Deep Dive: Read Path¶
This document traces every step of the HyperbyteDB query path, from HTTP request to InfluxDB-compatible JSON response. It covers InfluxQL parsing, AST construction, ClickHouse SQL translation, chDB execution, result formatting, chunked execution for large datasets, and cluster query fan-out.
Table of Contents¶
- Overview
- HTTP Query Handler
- InfluxQL Parser
- AST Structure
- Query Dispatch
- SELECT Execution Flow
- File Source Resolution
- InfluxQL to ClickHouse Translation
- Tombstone Injection
- chDB Execution
- Result Parsing
- Chunked Execution
- SLIMIT and SOFFSET
- SELECT INTO
- Cluster Query Behavior
- Metrics
1. Overview¶
Client GET/POST /query
|
v
+------------------------------------+
| HTTP Handler (query.rs) |
| - Extract q, db, epoch, params |
| - Substitute bind parameters |
| - Delegate to QueryService |
+------------------------------------+
|
v
+------------------------------------+
| QueryServiceImpl::execute_query() |
| - Parse InfluxQL -> Vec<Statement>|
| - Timeout wrapper |
| - Dispatch each statement |
+------------------------------------+
|
v (SELECT statements)
+------------------------------------+
| execute_measurement_query() |
| - Resolve file source (paths/glob)|
| - Translate InfluxQL -> CH SQL |
| - Inject tombstone predicates |
| - Execute via chDB |
| - Parse JSONEachRow -> Series |
+------------------------------------+
|
v
+------------------------------------+
| chDB (embedded ClickHouse) |
| - file() table over Parquet files |
| - Returns JSONEachRow |
+------------------------------------+
2. HTTP Query Handler¶
File: src/adapters/http/query.rs
Entry points¶
handle_query_get()--GET /query?q=...&db=...handle_query_post()--POST /querywith form-encoded or query-string params
POST merges form body parameters into the query string parameters (body takes precedence).
Query parameters¶
| Parameter | Required | Default | Description |
|---|---|---|---|
q | Yes | -- | InfluxQL query string |
db | Depends | -- | Required for data queries; not for SHOW DATABASES |
epoch | No | RFC3339 | Timestamp format: ns, us/u, ms, s |
pretty | No | false | Pretty-print JSON |
chunked | No | false | Stream results per statement |
params | No | -- | JSON object for $param bind parameter substitution |
Bind parameter substitution¶
When params is provided (JSON object), $paramName placeholders in the query string are replaced with the corresponding values:
q = SELECT mean("value") FROM "cpu" WHERE "host" = $host
params = {"host": "'server01'"}
Result: SELECT mean("value") FROM "cpu" WHERE "host" = 'server01'
Output formats¶
| Accept Header | Format |
|---|---|
application/json (default) | InfluxDB v1 JSON |
text/csv or application/csv | CSV |
Statement summary tracking¶
If statement_summary.enabled = true, each executed statement is recorded with: - Statement type and normalized digest - Execution duration - Error status - Result available via GET /api/v1/statements
3. InfluxQL Parser¶
File: src/influxql/parser.rs
Architecture¶
The parser is a hand-rolled recursive descent parser with no parser generator dependency.
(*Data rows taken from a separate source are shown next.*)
Lemma branch_union_lift q t w wl :
  (forall wt q' t' q'' t'', adm Te q w wl wt q' t' q'' t'' ->
     run_rel Tef (emb q'') (oconc DO t t'') (itail DI w) wl =
     lift (run_rel Te q'' (oconc DO t t'') (itail DI w) wl)) ->
  branch_union Tef (emb q) t w wl = lift (branch_union Te q t w wl).
Proof.
  intros Hrel. apply rel_ext; intros p0 t0. split.
  - intros (wt' & p' & s' & p'' & t'' & Ha & Hr).
    destruct (adm_unlift Ha) as (wt & q' & t' & q'' & -> & Ha').
    rewrite (Hrel _ _ _ _ _ Ha') in Hr. destruct Hr as (q0 & -> & Hr).
    exists q0. split; [reflexivity|]. now exists wt, q', t', q'', t''.
  - intros (q0 & -> & wt & q' & t' & q'' & t'' & Ha & Hr).
    destruct (adm_lift Ha) as [wt' Ha'].
    exists wt', (emb q''), t'', (emb q''), t''. split; [exact Ha'|].
    rewrite (Hrel _ _ _ _ _ Ha). now exists q0.
Qed.

Lemma run_lift q t w wl M : RunR Te q t w wl M -> RunR Tef (emb q) t w wl (lift M).
Proof.
  induction 1 as [q t w wl Hw | q t w wl f Hw Hrun IH].
  - replace (lift _) with (fun p t' => p = emb q /\ t' = t); [now apply run_base|].
    apply rel_ext; intros p t'. split.
    + intros [-> ->]. now exists q.
    + intros (q0 & -> & -> & ->). now split.
  - rewrite (run_step_union _ _ Hrun), image_rel_ijoin by exact emb_inj.
    rewrite <- branch_union_lift.
    + apply run_step_rel; [exact Hw|]. intros wt' p' s' p'' s'' Ha.
      destruct (adm_unlift Ha) as (wt & q' & t' & q'' & -> & Ha').
      eexists. exact (IH _ _ _ _ _ Ha').
    + intros wt q' t' q'' t'' Ha.
      now rewrite (run_rel_eq (IH _ _ _ _ _ Ha)), (run_rel_eq (Hrun _ _ _ _ _ Ha)).
Qed.

Lemma run_unlift p t w wl M' :
  RunR Tef p t w wl M' -> forall q, p = emb q -> exists M, RunR Te q t w wl M.
Proof.
  induction 1 as [p t w wl Hw | p t w wl f Hw Hrun IH]; intros q ->.
  - eexists. now apply run_base.
  - eexists. apply run_step_rel; [exact Hw|]. intros wt q' t' q'' t'' Ha.
    destruct (adm_lift Ha) as [wt' Ha']. exact (IH _ _ _ _ _ Ha' q'' eq_refl).
Qed.

Lemma run_Tef_iff q t w wl M' :
  RunR Tef (emb q) t w wl M' <-> exists M, RunR Te q t w wl M /\ M' = lift M.
Proof.
  split.
  - intros H. destruct (run_unlift H eq_refl) as [M HM].
    exists M. split; [exact HM | exact (run_functional H (run_lift HM))].
  - intros (M & HM & ->). exact (run_lift HM).
Qed.

Lemma run_rel_Tef q t w wl : run_rel Tef (emb q) t w wl = lift (run_rel Te q t w wl).
Proof.
  apply rel_ext; intros p0 t0. split.
  - intros (M' & HM' & Hp). apply run_Tef_iff in HM' as (M & HM & ->).
    destruct Hp as (q0 & -> & H0). exists q0. split; [reflexivity|]. now exists M.
  - intros (q0 & -> & M & HM & H0). exists (lift M). split; [exact (run_lift HM)|].
    now exists q0.
Qed.

Lemma runT_Tef_iff sb sh M' :
  runT Tef sb sh M' <-> exists M, runT Te sb sh M /\ M' = lift M.
Proof.
  unfold runT. set (w := alpha (aw DI) (fun s => s = sb)). set (wl := alpha (aw DI) sh).
  assert (Hex : (forall p t, lift (iota0 Te) p t -> exists M, RunR Tef p t w wl M) <->
                (forall q t, iota0 Te q t -> exists M, RunR Te q t w wl M)).
  { split.
    - intros H q t Hi. destruct (H (emb q) t) as [N HN]; [now exists q|].
      apply run_Tef_iff in HN as (M & HM & _). now exists M.
    - intros H p t (q & -> & Hi). destruct (H q t Hi) as [M HM].
      exists (lift M). now apply run_Tef_iff; exists M. }
  assert (Hset : ijoin DO (fun p0 t0 => exists p t, lift (iota0 Te) p t /\
                             run_rel Tef p t w wl p0 t0) =
                 lift (ijoin DO (fun q0 t0 => exists q t, iota0 Te q t /\
                             run_rel Te q t w wl q0 t0))).
  { rewrite image_rel_ijoin by exact emb_inj. f_equal.
    apply rel_ext; intros p0 t0. split.
    - intros (p & t & (q & -> & Hi) & H0). rewrite run_rel_Tef in H0.
      destruct H0 as (q0 & -> & H0). exists q0. split; [reflexivity|]. now exists q, t.
    - intros (q0 & -> & q & t & Hi & H0). exists (emb q), t.
      split; [now exists q|]. rewrite run_rel_Tef. now exists q0. }
  split.
  - intros [Hr ->]%RunHat_iff. eexists. split; [|exact Hset].
    apply RunHat_iff. split; [now apply Hex | reflexivity].
  - intros (M & [Hr ->]%RunHat_iff & ->). apply RunHat_iff.
    split; [now apply Hex | symmetry; exact Hset].
Qed.

End EpsilonRemoval.

Theorem mainTheorem1 :
  forall (Sig The : Type) (DI : InDomain Sig) (DO : OutDomain The)
         (Te : transducer DI DO),
  exists T : transducer DI DO, eps_free T /\ tequiv Te T.
Proof.
  intros Sig The DI DO Te. exists (Tef Te). split.
  - apply Tef_eps_free.
  - apply (@tequiv_of_run_embedding _ _ _ _ Te (Tef Te) (emb Te)).
    + apply emb_inj.
    + apply runT_Tef_iff.
    + apply Facc_Tef.
Qed.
It operates on string slices.
Parse flow¶
Input: "SELECT mean(\"value\") FROM \"cpu\"; SHOW DATABASES"
|
v
split_statements(";")
|
+----> "SELECT mean(\"value\") FROM \"cpu\""
| |
| v
| parse_statement()
| first token = "SELECT" -> parse_select()
| |
| v
| SelectStatement { fields, from, condition, ... }
|
+----> "SHOW DATABASES"
|
v
parse_statement()
first token = "SHOW" -> parse_show()
|
v
Statement::ShowDatabases
Statement dispatch¶
The parser examines the first keyword (case-insensitive):
| First Token | Handler | Statement Types |
|---|---|---|
SELECT | parse_select() | SelectStatement |
SHOW | parse_show() | ShowDatabases, ShowMeasurements, ShowTagKeys, ShowTagValues, ShowFieldKeys, ShowSeries, ShowRetentionPolicies, ShowUsers, ShowContinuousQueries |
CREATE | parse_create() | CreateDatabase, CreateRetentionPolicy, CreateUser, CreateContinuousQuery |
DROP | parse_drop() | DropDatabase, DropMeasurement, DropRetentionPolicy, DropUser, DropContinuousQuery |
DELETE | parse_delete() | Delete |
ALTER | parse_alter() | AlterRetentionPolicy |
SET | parse_set_password() | SetPassword |
GRANT | parse_grant() | Grant |
REVOKE | parse_revoke() | Revoke |
Expression parser¶
The SELECT field list and WHERE clause use a precedence-climbing expression parser:
| Precedence | Operators |
|---|---|
| 1 (lowest) | OR |
| 2 | AND |
| 3 | =, !=, <>, <, <=, >, >=, =~, !~ |
| 4 | +, - |
| 5 | *, /, % |
| 6 (highest) | Unary -, NOT |
Atoms¶
Atom types recognized by parse_atom():
- Identifiers: bare (
cpu) or quoted ("cpu") - String literals:
'value' - Integer / float literals
- Duration literals:
1h,30s,5m,1d,4w,100ms,500u,1ns now()function- Function calls:
mean(...),derivative(...),count(*) - Wildcard:
* - Regex:
/pattern/ - Subqueries:
(SELECT ...)
SELECT parsing¶
parse_select() uses split_clauses() to find keyword boundaries (INTO, FROM, WHERE, GROUP BY, ORDER BY, LIMIT, OFFSET, SLIMIT, SOFFSET, TZ), then parses each clause independently.
4. AST Structure¶
File: src/influxql/ast.rs
Key types¶
Statement -- Top-level enum with variants for every supported statement.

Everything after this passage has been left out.